— THE TASK —
Find the word "apply" below. Copy each line that has it.

===============

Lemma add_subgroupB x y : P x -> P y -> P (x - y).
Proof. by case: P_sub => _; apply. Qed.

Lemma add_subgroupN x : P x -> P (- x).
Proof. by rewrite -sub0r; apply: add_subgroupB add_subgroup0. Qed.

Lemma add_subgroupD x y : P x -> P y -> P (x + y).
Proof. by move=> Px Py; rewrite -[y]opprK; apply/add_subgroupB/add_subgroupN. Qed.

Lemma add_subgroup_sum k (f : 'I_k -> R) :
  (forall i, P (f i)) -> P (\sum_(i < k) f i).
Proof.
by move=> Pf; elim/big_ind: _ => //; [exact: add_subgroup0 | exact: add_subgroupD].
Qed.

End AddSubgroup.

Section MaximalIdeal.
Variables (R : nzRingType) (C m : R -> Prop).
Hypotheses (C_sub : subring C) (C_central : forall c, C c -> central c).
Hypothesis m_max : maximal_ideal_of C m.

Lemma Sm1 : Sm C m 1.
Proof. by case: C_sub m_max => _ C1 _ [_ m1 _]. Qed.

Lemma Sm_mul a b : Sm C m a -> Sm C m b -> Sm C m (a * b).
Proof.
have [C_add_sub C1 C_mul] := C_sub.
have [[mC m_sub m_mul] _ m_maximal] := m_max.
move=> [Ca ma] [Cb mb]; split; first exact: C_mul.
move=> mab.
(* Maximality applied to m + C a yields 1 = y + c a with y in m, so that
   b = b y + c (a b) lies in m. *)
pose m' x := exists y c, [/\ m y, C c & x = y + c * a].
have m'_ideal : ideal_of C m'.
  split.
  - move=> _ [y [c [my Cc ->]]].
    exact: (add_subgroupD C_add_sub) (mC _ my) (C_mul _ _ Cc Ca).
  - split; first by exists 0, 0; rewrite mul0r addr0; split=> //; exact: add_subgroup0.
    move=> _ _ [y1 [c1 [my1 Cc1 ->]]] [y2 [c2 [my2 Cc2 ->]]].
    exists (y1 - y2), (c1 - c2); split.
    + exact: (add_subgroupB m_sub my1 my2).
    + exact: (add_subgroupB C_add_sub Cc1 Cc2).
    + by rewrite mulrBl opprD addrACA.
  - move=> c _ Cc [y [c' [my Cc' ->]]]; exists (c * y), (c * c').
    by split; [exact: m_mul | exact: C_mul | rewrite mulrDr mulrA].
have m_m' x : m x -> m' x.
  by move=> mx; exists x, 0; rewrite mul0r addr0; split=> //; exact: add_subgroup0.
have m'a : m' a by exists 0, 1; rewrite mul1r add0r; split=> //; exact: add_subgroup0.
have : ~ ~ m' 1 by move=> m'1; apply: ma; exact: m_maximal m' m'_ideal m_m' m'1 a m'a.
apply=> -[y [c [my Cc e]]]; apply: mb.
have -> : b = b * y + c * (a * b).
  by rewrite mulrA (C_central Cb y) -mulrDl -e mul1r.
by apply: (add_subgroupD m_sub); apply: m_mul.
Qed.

===============

— ANSWER BELOW —
Proof. by case: P_sub => _; apply. Qed.
Proof. by rewrite -sub0r; apply: add_subgroupB add_subgroup0. Qed.
Proof. by move=> Px Py; rewrite -[y]opprK; apply/add_subgroupB/add_subgroupN. Qed.
have : ~ ~ m' 1 by move=> m'1; apply: ma; exact: m_maximal m' m'_ideal m_m' m'1 a m'a.
apply=> -[y [c [my Cc e]]]; apply: mb.
by apply: (add_subgroupD m_sub); apply: m_mul.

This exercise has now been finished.